═════ Source data
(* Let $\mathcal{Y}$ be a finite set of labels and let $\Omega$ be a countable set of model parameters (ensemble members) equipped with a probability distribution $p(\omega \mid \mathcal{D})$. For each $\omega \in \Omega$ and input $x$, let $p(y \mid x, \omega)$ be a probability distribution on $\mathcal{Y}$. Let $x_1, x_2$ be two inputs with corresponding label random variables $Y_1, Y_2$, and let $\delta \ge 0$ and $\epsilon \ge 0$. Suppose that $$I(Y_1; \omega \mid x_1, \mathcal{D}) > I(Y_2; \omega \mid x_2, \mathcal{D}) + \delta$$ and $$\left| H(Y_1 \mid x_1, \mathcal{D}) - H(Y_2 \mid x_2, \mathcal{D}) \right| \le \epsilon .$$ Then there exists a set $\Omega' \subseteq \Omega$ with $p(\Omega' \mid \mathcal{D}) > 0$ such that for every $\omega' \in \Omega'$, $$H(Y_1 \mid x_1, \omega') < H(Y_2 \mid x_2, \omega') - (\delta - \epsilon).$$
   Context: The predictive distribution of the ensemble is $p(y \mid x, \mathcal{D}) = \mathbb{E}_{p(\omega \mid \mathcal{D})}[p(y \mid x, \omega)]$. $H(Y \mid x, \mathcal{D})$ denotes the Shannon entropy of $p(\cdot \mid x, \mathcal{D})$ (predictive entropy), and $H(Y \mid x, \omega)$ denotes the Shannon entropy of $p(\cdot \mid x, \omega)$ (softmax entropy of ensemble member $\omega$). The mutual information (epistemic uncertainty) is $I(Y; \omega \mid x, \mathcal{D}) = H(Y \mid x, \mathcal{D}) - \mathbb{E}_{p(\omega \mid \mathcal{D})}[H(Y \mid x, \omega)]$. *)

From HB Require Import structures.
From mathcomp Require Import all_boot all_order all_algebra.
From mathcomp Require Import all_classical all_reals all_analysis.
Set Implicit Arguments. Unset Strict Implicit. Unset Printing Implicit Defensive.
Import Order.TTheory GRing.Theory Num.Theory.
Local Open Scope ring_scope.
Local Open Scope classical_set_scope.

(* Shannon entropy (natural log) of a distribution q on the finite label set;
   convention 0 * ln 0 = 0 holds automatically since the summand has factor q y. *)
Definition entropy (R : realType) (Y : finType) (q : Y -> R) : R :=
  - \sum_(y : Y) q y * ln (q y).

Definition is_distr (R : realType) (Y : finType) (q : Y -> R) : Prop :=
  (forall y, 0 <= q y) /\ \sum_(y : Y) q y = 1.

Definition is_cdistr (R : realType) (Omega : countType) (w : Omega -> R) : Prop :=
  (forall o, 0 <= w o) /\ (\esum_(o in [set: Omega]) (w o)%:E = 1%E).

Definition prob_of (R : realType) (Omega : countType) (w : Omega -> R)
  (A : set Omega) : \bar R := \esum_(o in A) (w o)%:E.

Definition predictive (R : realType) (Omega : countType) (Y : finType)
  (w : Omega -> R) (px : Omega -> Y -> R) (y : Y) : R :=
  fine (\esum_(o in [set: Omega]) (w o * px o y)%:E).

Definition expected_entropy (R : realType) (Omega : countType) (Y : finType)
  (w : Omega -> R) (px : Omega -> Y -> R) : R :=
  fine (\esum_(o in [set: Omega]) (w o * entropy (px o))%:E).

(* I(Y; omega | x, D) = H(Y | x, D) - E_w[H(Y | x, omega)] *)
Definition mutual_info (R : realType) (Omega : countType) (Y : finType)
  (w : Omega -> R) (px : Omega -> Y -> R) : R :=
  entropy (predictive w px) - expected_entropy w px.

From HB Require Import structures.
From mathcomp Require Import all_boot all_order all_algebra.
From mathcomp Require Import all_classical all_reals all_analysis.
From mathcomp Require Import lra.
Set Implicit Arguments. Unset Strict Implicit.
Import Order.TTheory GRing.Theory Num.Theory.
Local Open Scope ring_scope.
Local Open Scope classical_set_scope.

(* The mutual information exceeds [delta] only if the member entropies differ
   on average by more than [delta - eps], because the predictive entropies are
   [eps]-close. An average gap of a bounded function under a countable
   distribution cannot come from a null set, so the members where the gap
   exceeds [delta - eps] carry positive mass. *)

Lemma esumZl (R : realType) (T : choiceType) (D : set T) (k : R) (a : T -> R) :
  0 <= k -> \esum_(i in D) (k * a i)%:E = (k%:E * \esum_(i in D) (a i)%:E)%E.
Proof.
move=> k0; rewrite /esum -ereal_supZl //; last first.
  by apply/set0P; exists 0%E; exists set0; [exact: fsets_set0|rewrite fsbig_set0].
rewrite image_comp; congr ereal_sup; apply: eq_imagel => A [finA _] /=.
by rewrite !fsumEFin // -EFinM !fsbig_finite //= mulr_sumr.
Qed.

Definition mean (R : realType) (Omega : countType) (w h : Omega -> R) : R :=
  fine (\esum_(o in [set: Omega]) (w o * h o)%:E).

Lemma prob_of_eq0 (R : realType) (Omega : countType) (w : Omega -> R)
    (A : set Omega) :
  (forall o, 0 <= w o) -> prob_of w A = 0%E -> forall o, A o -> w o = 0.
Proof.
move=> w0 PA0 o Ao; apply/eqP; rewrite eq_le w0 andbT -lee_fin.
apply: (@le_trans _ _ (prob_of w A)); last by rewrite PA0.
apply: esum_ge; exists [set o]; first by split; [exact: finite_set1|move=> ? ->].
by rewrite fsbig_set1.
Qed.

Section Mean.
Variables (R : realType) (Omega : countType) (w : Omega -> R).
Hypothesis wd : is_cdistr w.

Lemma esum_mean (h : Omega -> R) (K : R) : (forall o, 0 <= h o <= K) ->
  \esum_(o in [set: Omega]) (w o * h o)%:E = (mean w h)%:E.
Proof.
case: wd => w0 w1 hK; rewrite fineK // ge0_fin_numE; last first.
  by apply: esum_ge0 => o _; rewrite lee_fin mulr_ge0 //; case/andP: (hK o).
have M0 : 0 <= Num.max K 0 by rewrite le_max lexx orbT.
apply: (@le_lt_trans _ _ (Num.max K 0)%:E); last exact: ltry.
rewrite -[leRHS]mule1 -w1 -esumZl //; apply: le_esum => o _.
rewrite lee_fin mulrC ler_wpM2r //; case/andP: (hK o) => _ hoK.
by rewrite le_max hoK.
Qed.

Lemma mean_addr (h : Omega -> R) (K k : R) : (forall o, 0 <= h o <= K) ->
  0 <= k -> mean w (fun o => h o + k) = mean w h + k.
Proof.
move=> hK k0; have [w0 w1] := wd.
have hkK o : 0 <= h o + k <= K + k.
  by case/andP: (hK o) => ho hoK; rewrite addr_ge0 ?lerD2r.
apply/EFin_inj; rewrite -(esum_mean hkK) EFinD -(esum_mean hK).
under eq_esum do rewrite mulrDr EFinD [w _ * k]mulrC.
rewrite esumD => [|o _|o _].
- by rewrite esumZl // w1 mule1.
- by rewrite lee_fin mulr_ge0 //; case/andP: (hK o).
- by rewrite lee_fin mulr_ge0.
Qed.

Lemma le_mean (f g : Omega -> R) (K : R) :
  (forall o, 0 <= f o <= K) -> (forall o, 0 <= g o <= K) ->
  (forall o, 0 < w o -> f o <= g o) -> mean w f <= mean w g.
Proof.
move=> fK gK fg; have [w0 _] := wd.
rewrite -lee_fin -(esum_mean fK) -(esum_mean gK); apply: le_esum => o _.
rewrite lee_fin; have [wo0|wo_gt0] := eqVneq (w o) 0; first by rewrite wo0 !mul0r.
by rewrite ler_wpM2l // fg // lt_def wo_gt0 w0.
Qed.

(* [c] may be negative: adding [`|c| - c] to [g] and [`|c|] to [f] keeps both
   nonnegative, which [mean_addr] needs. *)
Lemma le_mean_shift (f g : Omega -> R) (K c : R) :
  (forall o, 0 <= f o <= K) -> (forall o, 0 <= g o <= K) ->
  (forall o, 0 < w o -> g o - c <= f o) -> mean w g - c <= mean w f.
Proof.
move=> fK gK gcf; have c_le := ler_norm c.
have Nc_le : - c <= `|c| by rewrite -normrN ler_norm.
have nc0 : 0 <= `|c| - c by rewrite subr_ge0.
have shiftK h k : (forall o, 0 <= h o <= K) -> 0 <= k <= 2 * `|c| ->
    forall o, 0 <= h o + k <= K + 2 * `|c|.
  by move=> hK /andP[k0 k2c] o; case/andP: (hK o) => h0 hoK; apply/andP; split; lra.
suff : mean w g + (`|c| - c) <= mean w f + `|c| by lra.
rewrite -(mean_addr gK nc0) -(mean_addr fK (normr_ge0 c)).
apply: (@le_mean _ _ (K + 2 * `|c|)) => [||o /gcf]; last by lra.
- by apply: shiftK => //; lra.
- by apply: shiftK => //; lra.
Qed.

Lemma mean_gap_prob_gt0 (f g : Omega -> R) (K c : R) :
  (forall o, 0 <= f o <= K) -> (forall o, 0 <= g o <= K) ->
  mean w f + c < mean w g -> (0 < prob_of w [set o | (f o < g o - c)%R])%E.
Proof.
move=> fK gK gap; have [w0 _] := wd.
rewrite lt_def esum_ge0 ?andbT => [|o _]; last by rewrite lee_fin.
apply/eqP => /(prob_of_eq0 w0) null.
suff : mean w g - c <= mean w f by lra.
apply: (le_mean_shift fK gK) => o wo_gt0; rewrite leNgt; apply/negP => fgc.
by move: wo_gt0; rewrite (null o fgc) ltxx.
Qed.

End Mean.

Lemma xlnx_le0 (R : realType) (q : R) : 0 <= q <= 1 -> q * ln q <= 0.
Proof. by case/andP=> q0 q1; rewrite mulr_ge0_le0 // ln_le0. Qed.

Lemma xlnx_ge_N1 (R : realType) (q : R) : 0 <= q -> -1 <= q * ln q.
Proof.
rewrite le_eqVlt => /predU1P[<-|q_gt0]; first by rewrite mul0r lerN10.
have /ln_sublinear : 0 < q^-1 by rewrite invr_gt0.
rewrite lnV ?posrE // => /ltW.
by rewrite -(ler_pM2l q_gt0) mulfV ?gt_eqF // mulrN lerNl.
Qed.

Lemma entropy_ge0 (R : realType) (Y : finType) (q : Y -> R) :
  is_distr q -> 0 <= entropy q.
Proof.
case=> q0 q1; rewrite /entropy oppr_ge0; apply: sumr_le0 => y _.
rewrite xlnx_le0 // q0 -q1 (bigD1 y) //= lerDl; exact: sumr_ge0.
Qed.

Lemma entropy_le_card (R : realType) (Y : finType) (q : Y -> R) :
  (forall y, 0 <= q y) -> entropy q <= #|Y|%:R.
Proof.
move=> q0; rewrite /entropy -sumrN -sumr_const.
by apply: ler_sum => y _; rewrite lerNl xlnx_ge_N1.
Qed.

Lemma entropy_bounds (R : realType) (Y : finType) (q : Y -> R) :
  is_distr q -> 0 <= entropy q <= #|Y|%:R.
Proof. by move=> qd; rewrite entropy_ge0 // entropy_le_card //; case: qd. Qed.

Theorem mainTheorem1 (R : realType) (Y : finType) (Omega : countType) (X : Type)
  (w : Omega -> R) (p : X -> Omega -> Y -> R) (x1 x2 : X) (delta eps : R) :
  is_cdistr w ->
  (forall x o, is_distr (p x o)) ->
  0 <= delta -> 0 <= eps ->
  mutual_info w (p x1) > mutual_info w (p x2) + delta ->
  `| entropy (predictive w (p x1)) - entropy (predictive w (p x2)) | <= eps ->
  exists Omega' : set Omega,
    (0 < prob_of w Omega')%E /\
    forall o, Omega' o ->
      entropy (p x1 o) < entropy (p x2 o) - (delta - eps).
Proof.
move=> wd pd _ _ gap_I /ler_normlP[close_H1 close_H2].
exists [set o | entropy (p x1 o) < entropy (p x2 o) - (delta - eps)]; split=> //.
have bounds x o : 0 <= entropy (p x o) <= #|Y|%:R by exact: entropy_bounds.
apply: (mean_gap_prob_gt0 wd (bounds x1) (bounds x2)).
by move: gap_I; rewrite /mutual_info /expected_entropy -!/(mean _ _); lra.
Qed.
══════════
Required action:
Give back the records above exactly, limited to the lines between the one holding "by rewrite -(ler_pM2l" and the one holding "is_distr q -> 0 <= entropy q <= #|Y|%:R.", inclusive.

Written solution:
by rewrite -(ler_pM2l q_gt0) mulfV ?gt_eqF // mulrN lerNl.
Qed.

Lemma entropy_ge0 (R : realType) (Y : finType) (q : Y -> R) :
  is_distr q -> 0 <= entropy q.
Proof.
case=> q0 q1; rewrite /entropy oppr_ge0; apply: sumr_le0 => y _.
rewrite xlnx_le0 // q0 -q1 (bigD1 y) //= lerDl; exact: sumr_ge0.
Qed.

Lemma entropy_le_card (R : realType) (Y : finType) (q : Y -> R) :
  (forall y, 0 <= q y) -> entropy q <= #|Y|%:R.
Proof.
move=> q0; rewrite /entropy -sumrN -sumr_const.
by apply: ler_sum => y _; rewrite lerNl xlnx_ge_N1.
Qed.

Lemma entropy_bounds (R : realType) (Y : finType) (q : Y -> R) :
  is_distr q -> 0 <= entropy q <= #|Y|%:R.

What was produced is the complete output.